‘Kami menginginkan pembangunan RPU di Banyuwangi terealisasi pada 2025, karena melalui Badan Anggaran sudah menyampaikan berkali-kali kepada eksekutif agar para pelaku usaha unggas tidak terkendala dalam memenuhi kebutuhan pasar di Bali,”ujar Emy.
Sementara Kepala Dinas Pertanian & Pangan Kabupaten Banyuwangi Arief Setiawan mengungkapkan prinsip pihaknya sepakat dengan legislatif kebutuhan Rumah Potong Unggas (RPU) perlu ada di Kabupaten Banyuwangi, dimana untuk memenuhi produk bahan pangan asal hewan yang aman sehat utuh dan halal.
“Penyediaan RPU ini nantinya dapat mengakomodir kebutuhan daging unggas di dalam kabupaten maupun untuk memenuhi luar kabupaten Banyuwangi.

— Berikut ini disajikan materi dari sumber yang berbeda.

(* Let $\vec r:\mathbb{Z}\to\mathbb{R}^3$ be a discrete centroaffine space curve with constant invariants $\kappa_n=\kappa$, $\bar\kappa_n=\bar\kappa$, $\tau_n=\tau$, let $\alpha\in(0,1)$ be a constant, and define $\vec r'_n=(1-\alpha)\vec r_n+\alpha\vec r_{n+1}$ (iteration of the definite proportional division point). If $\vec r'$ is again a discrete centroaffine space curve, then its invariants satisfy $\kappa'_n=\kappa$, $\bar\kappa'_n=\bar\kappa$, $\tau'_n=\tau$ for all $n$.
   Context: A discrete centroaffine space curve is a map $\vec r:\mathbb{Z}\to\mathbb{R}^3$ with $[\vec r_{k-1},\vec r_k,\vec r_{k+1}]\ne0$ for all $k$, where $\vec r_k=\vec r(k)$, $[\cdot,\cdot,\cdot]$ is the $3\times3$ determinant and $\vec t_k=\vec r_{k+1}-\vec r_k$. With $D_k=[\vec r_{k-1},\vec r_k,\vec r_{k+1}]$: $\kappa_k=\frac{[\vec r_k,\vec r_{k+1},\vec r_{k+2}]}{D_k}$, $\bar\kappa_k=\frac{[\vec r_{k+1},\vec t_{k-1},\vec t_{k+1}]}{D_k}$, $\tau_k=\frac{[\vec t_{k-1},\vec t_k,\vec t_{k+1}]}{D_k}$ (first/second centroaffine curvature and centroaffine torsion). *)

From HB Require Import structures.
From mathcomp Require Import all_boot all_order all_algebra.
Set Implicit Arguments. Unset Strict Implicit. Unset Printing Implicit Defensive.
Import Order.TTheory GRing.Theory Num.Theory.
Local Open Scope ring_scope.

Definition det3 (R : realFieldType) (u v w : 'rV[R]_3) : R :=
  \det (\matrix_(i < 3, j < 3)
          (if i == 0 :> nat then u ord0 j
           else if i == 1 :> nat then v ord0 j else w ord0 j)).

Definition tangent (R : realFieldType) (r : int -> 'rV[R]_3) (k : int) : 'rV[R]_3 :=
  r (k + 1) - r k.

Definition Dk (R : realFieldType) (r : int -> 'rV[R]_3) (k : int) : R :=
  det3 (r (k - 1)) (r k) (r (k + 1)).

Definition centroaffine_curve (R : realFieldType) (r : int -> 'rV[R]_3) : Prop :=
  forall k : int, Dk r k != 0.

Definition ca_kappa (R : realFieldType) (r : int -> 'rV[R]_3) (k : int) : R :=
  det3 (r k) (r (k + 1)) (r (k + 2)) / Dk r k.

Definition ca_kappabar (R : realFieldType) (r : int -> 'rV[R]_3) (k : int) : R :=
  det3 (r (k + 1)) (tangent r (k - 1)) (tangent r (k + 1)) / Dk r k.

Definition ca_tau (R : realFieldType) (r : int -> 'rV[R]_3) (k : int) : R :=
  det3 (tangent r (k - 1)) (tangent r k) (tangent r (k + 1)) / Dk r k.

Definition division_curve (R : realFieldType) (a : R) (r : int -> 'rV[R]_3) :
  int -> 'rV[R]_3 := fun n => (1 - a) *: r n + a *: r (n + 1).

From HB Require Import structures.
From mathcomp Require Import all_boot all_order all_algebra ring.
Set Implicit Arguments. Unset Strict Implicit. Unset Printing Implicit Defensive.
Import Order.TTheory GRing.Theory Num.Theory.
Local Open Scope ring_scope.

(* A centroaffine curve with [D_k <> 0] is determined by the linear recurrence
   [r_{k+2} = (tau + 1 + kappabar) r_{k+1} - (kappabar + kappa) r_k + kappa r_{k-1}],
   and conversely the invariants can be read off from such a recurrence.  With
   constant invariants the coefficients are constant, so the recurrence is linear
   with constant coefficients and is inherited by every combination
   [(1 - alpha) r_n + alpha r_{n+1}]; reading the invariants back off gives the
   same constants. *)

Section Coordinates.

Variable R : realFieldType.
Implicit Types (u v w : 'rV[R]_3) (a : R).

Definition coord u (k : nat) : R := u ord0 (inord k).

Lemma coordE u (j : 'I_3) : u ord0 j = coord u j.
Proof. by rewrite /coord inord_val. Qed.

Lemma coordD u v k : coord (u + v) k = coord u k + coord v k.
Proof. by rewrite /coord mxE. Qed.

Lemma coordN u k : coord (- u) k = - coord u k.
Proof. by rewrite /coord mxE. Qed.

Lemma coordZ a u k : coord (a *: u) k = a * coord u k.
Proof. by rewrite /coord mxE. Qed.

Lemma row3P u v : [/\ coord u 0 = coord v 0, coord u 1 = coord v 1
                     & coord u 2 = coord v 2] -> u = v.
Proof.
move=> [h0 h1 h2]; apply/rowP => j; rewrite !coordE.
by case: j => [[|[|[|//]]] ?].
Qed.

Lemma det3E u v w : det3 u v w =
    coord u 0 * (coord v 1 * coord w 2 - coord v 2 * coord w 1)
  - coord u 1 * (coord v 0 * coord w 2 - coord v 2 * coord w 0)
  + coord u 2 * (coord v 0 * coord w 1 - coord v 1 * coord w 0).
Proof.
rewrite /det3 (expand_det_row _ ord0) !big_ord_recl big_ord0 /cofactor.
rewrite !(expand_det_row _ ord0) !big_ord_recl !big_ord0 /cofactor.
by rewrite !det_mx11 !mxE /= !coordE /= /bump /=; ring.
Qed.

End Coordinates.

Definition satisfies_recurrence (R : realFieldType) (r : int -> 'rV[R]_3)
    (a b c : R) (k : int) : Prop :=
  r (k + 2) = a *: r (k + 1) + b *: r k + c *: r (k - 1).

Lemma subr1K (k : int) : k - 1 + 1 = k.
Proof. exact: subrK. Qed.

Lemma addr1_1 (k : int) : k + 1 + 1 = k + 2.
Proof. by rewrite -addrA. Qed.

Lemma invariants_of_recurrence (R : realFieldType) (r : int -> 'rV[R]_3)
    (a b c : R) (k : int) :
  Dk r k != 0 -> satisfies_recurrence r a b c k ->
  [/\ ca_kappa r k = c, ca_kappabar r k = - c - b & ca_tau r k = a - 1 + b + c].
Proof.
rewrite /satisfies_recurrence /ca_kappa /ca_kappabar /ca_tau /tangent /Dk.
rewrite subr1K addr1_1 => hD ->.
rewrite !det3E !(coordD, coordN, coordZ) in hD *.
by split; field; exact: hD.
Qed.

Lemma recurrence_of_invariants (R : realFieldType) (r : int -> 'rV[R]_3)
    (k : int) :
  Dk r k != 0 ->
  satisfies_recurrence r (ca_tau r k + 1 + ca_kappabar r k)
    (- ca_kappabar r k - ca_kappa r k) (ca_kappa r k) k.
Proof.
rewrite /satisfies_recurrence /ca_kappa /ca_kappabar /ca_tau /tangent /Dk.
rewrite subr1K addr1_1 => hD; apply: row3P.
rewrite !det3E !(coordD, coordN, coordZ) in hD *.
by split; field; exact: hD.
Qed.

Lemma division_curve_recurrence (R : realFieldType) (r : int -> 'rV[R]_3)
    (alpha a b c : R) (k : int) :
  satisfies_recurrence r a b c k -> satisfies_recurrence r a b c (k + 1) ->
  satisfies_recurrence (division_curve alpha r) a b c k.
Proof.
rewrite /satisfies_recurrence /division_curve addr1_1 subr1K addrK.
have -> : k + 2 + 1 = k + 1 + 2 by rewrite addrAC.
move=> -> ->.
by apply: row3P; rewrite !(coordD, coordZ); split; ring.
Qed.

Theorem proposition7p2 (R : realFieldType) (r : int -> 'rV[R]_3)
  (kappa kappabar tau alpha : R) :
  centroaffine_curve r ->
  (forall n : int, ca_kappa r n = kappa) ->
  (forall n : int, ca_kappabar r n = kappabar) ->
  (forall n : int, ca_tau r n = tau) ->
  0 < alpha < 1 ->
  centroaffine_curve (division_curve alpha r) ->
  forall n : int,
    [/\ ca_kappa (division_curve alpha r) n = kappa,
        ca_kappabar (division_curve alpha r) n = kappabar &
        ca_tau (division_curve alpha r) n = tau].
Proof.
move=> hr hk hkb ht _ hr' n.
have rec k : satisfies_recurrence r (tau + 1 + kappabar) (- kappabar - kappa)
               kappa k.
  by rewrite -(hk k) -(hkb k) -(ht k); apply: recurrence_of_invariants.
have rec' := division_curve_recurrence alpha (rec n) (rec (n + 1)).
have [-> -> ->] := invariants_of_recurrence (hr' n) rec'.
by split; ring.
Qed.
(* Let $N\ge 3$ and $\boldsymbol\theta\in\mathbb{R}^N$, and let $|0_L\rangle,|1_L\rangle,P,Z_L$ be the dephasing code associated with $\boldsymbol\theta$. Then $|0_L\rangle$ and $|1_L\rangle$ are orthonormal, and for all $\mathbf v,\mathbf u\in\mathbb{R}^N$: $P(\mathbf v\cdot\mathbf Z)P=(\mathbf v\cdot\cos(2\boldsymbol\theta))\,Z_L$ and $P(\mathbf v\cdot\mathbf Z)(\mathbf u\cdot\mathbf Z)P\in\mathbb{R}P$, where $\cos$ is applied entrywise. In particular, if $\cos(2\boldsymbol\theta)\perp\mathrm{col}(C)$, then $PSP\in\mathbb{R}P$ for every $S$ in the Lindblad span $\mathfrak{S}$ of the dephasing model, and $PHP=\tfrac12(\boldsymbol{\mathfrak h}\cdot\cos(2\boldsymbol\theta))Z_L$.
   Context: Qubits $1,\dots,N$; $Z_j$, $X_j$ denote the Pauli $Z$, $X$ operators on qubit $j$ of $(\mathbb{C}^2)^{\otimes N}$, with $Z|0\rangle=|0\rangle$, $Z|1\rangle=-|1\rangle$. For $\mathbf v\in\mathbb{R}^N$, $\mathbf v\cdot\mathbf Z:=\sum_j v_jZ_j$. Dephasing model: $\boldsymbol{\mathfrak h}\in\mathbb{R}^N$, $H=\tfrac12\boldsymbol{\mathfrak h}\cdot\mathbf Z$; $C$ is a real symmetric positive semidefinite $N\times N$ matrix with orthonormal eigenvectors $\mathbf v_1,\dots,\mathbf v_N$ and eigenvalues $\lambda_1,\dots,\lambda_N\ge0$; $L_j=\sqrt{\lambda_j}\,\mathbf v_j\cdot\mathbf Z$; $\mathrm{col}(C)$ and $\ker(C)$ are the column space and kernel of $C$; the Lindblad span $\mathfrak{S}$ is the real span of $I$, all $L_i$ and all $L_iL_j$. Dephasing code for $\boldsymbol\theta\in\mathbb{R}^N$: $|0_L\rangle=\bigotimes_{j=1}^N(\cos\theta_j|0\rangle+i\sin\theta_j|1\rangle)$, $|1_L\rangle=X^{\otimes N}|0_L\rangle$, $P=|0_L\rangle\langle0_L|+|1_L\rangle\langle1_L|$, $Z_L=|0_L\rangle\langle0_L|-|1_L\rangle\langle1_L|$. *)

(* Complex numbers are
   represented as pairs (re, im) of reals; vectors/operators on
   (C^2)^{tensor N} as functions on computational-basis indices
   k in {0, ..., 2^N - 1}, where bit j of k (Nat.testbit k j) is the state
   of qubit j (qubits are numbered 0..N-1 instead of 1..N). *)
From Stdlib Require Import Reals Lra Lia Arith List.
Open Scope R_scope.

Definition Cx : Type := (R * R)%type.
Definition RtoC (r : R) : Cx := (r, 0).
Definition Czero : Cx := (0, 0).
Definition Cone : Cx := (1, 0).
Definition Cadd (z w : Cx) : Cx := (fst z + fst w, snd z + snd w).
Definition Cmul (z w : Cx) : Cx :=
  (fst z * fst w - snd z * snd w, fst z * snd w + snd z * fst w).
Definition Cconj (z : Cx) : Cx := (fst z, - snd z).

Fixpoint Csum (n : nat) (f : nat -> Cx) : Cx :=
  match n with O => Czero | S m => Cadd (Csum m f) (f m) end.
Fixpoint Cprod (n : nat) (f : nat -> Cx) : Cx :=
  match n with O => Cone | S m => Cmul (Cprod m f) (f m) end.
Fixpoint Rsum (n : nat) (f : nat -> R) : R :=
  match n with O => 0 | S m => Rsum m f + f m end.

Definition Rdot (N : nat) (v u : nat -> R) : R := Rsum N (fun j => v j * u j).
Definition Rmatvec (N : nat) (C : nat -> nat -> R) (x : nat -> R) : nat -> R :=
  fun i => Rsum N (fun j => C i j * x j).
Definition cos2theta (theta : nat -> R) : nat -> R := fun j => cos (2 * theta j).

Definition dim (N : nat) : nat := (2 ^ N)%nat.
Definition bit (k j : nat) : bool := Nat.testbit k j.

Definition Vec : Type := nat -> Cx.
Definition Op : Type := nat -> nat -> Cx.

Definition inner (N : nat) (v w : Vec) : Cx :=
  Csum (dim N) (fun k => Cmul (Cconj (v k)) (w k)).
Definition mm (N : nat) (A B : Op) : Op :=
  fun i j => Csum (dim N) (fun k => Cmul (A i k) (B k j)).
Definition apply (N : nat) (A : Op) (v : Vec) : Vec :=
  fun i => Csum (dim N) (fun k => Cmul (A i k) (v k)).
Definition opadd (A B : Op) : Op := fun i j => Cadd (A i j) (B i j).
Definition opscale (z : Cx) (A : Op) : Op := fun i j => Cmul z (A i j).
Definition opsum (n : nat) (F : nat -> Op) : Op := fun i j => Csum n (fun a => F a i j).
Definition outer (v w : Vec) : Op := fun i j => Cmul (v i) (Cconj (w j)).

Definition opeq (N : nat) (A B : Op) : Prop :=
  forall i j, (i < dim N)%nat -> (j < dim N)%nat -> A i j = B i j.
Definition inRP (N : nat) (A P : Op) : Prop :=
  exists r : R, opeq N A (opscale (RtoC r) P).

Definition Iop : Op := fun i k => if Nat.eqb i k then Cone else Czero.
Definition Zop (j : nat) : Op :=
  fun i k => if Nat.eqb i k then (if bit i j then RtoC (-1) else Cone) else Czero.
Definition allflipped (N i k : nat) : bool :=
  forallb (fun j => Bool.eqb (bit i j) (negb (bit k j))) (seq 0 N).
Definition Xall (N : nat) : Op := fun i k => if allflipped N i k then Cone else Czero.
Definition dotZ (N : nat) (v : nat -> R) : Op :=
  opsum N (fun j => opscale (RtoC (v j)) (Zop j)).

Definition ket0L (N : nat) (theta : nat -> R) : Vec :=
  fun k => Cprod N (fun j => if bit k j then (0, sin (theta j)) else (cos (theta j), 0)).
Definition ket1L (N : nat) (theta : nat -> R) : Vec := apply N (Xall N) (ket0L N theta).
Definition Pcode (N : nat) (theta : nat -> R) : Op :=
  opadd (outer (ket0L N theta) (ket0L N theta)) (outer (ket1L N theta) (ket1L N theta)).
Definition ZL (N : nat) (theta : nat -> R) : Op :=
  opadd (outer (ket0L N theta) (ket0L N theta))
        (opscale (RtoC (-1)) (outer (ket1L N theta) (ket1L N theta))).
Definition sandwich (N : nat) (P A : Op) : Op := mm N (mm N P A) P.

Definition DephasingData (N : nat) (C : nat -> nat -> R) (vs : nat -> nat -> R)
    (lam : nat -> R) : Prop :=
  (forall i j, (i < N)%nat -> (j < N)%nat -> C i j = C j i) /\
  (forall x : nat -> R, 0 <= Rdot N x (Rmatvec N C x)) /\
  (forall a b, (a < N)%nat -> (b < N)%nat ->
      Rdot N (vs a) (vs b) = if Nat.eqb a b then 1 else 0) /\
  (forall a i, (a < N)%nat -> (i < N)%nat -> Rmatvec N C (vs a) i = lam a * vs a i) /\
  (forall a, (a < N)%nat -> 0 <= lam a).

Definition Lind (N : nat) (vs : nat -> nat -> R) (lam : nat -> R) (a : nat) : Op :=
  opscale (RtoC (sqrt (lam a))) (dotZ N (vs a)).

Pelaku usaha yang memiliki kepentingan terhadap daging unggas dapat difasilitasi oleh RPU nantinya,” ujar Arief.
Lebih lanjut dia menambahkan dengan adanya RPU ini pula maka masyarakat akan mendapatkan produk daging yang sesuai persyaratan dimana nantiya RPU memiliki sertifikat NKV sebagai sertifikat hygiene dan sanitasi maupun halal sebagai jaminan kepada masyarakat.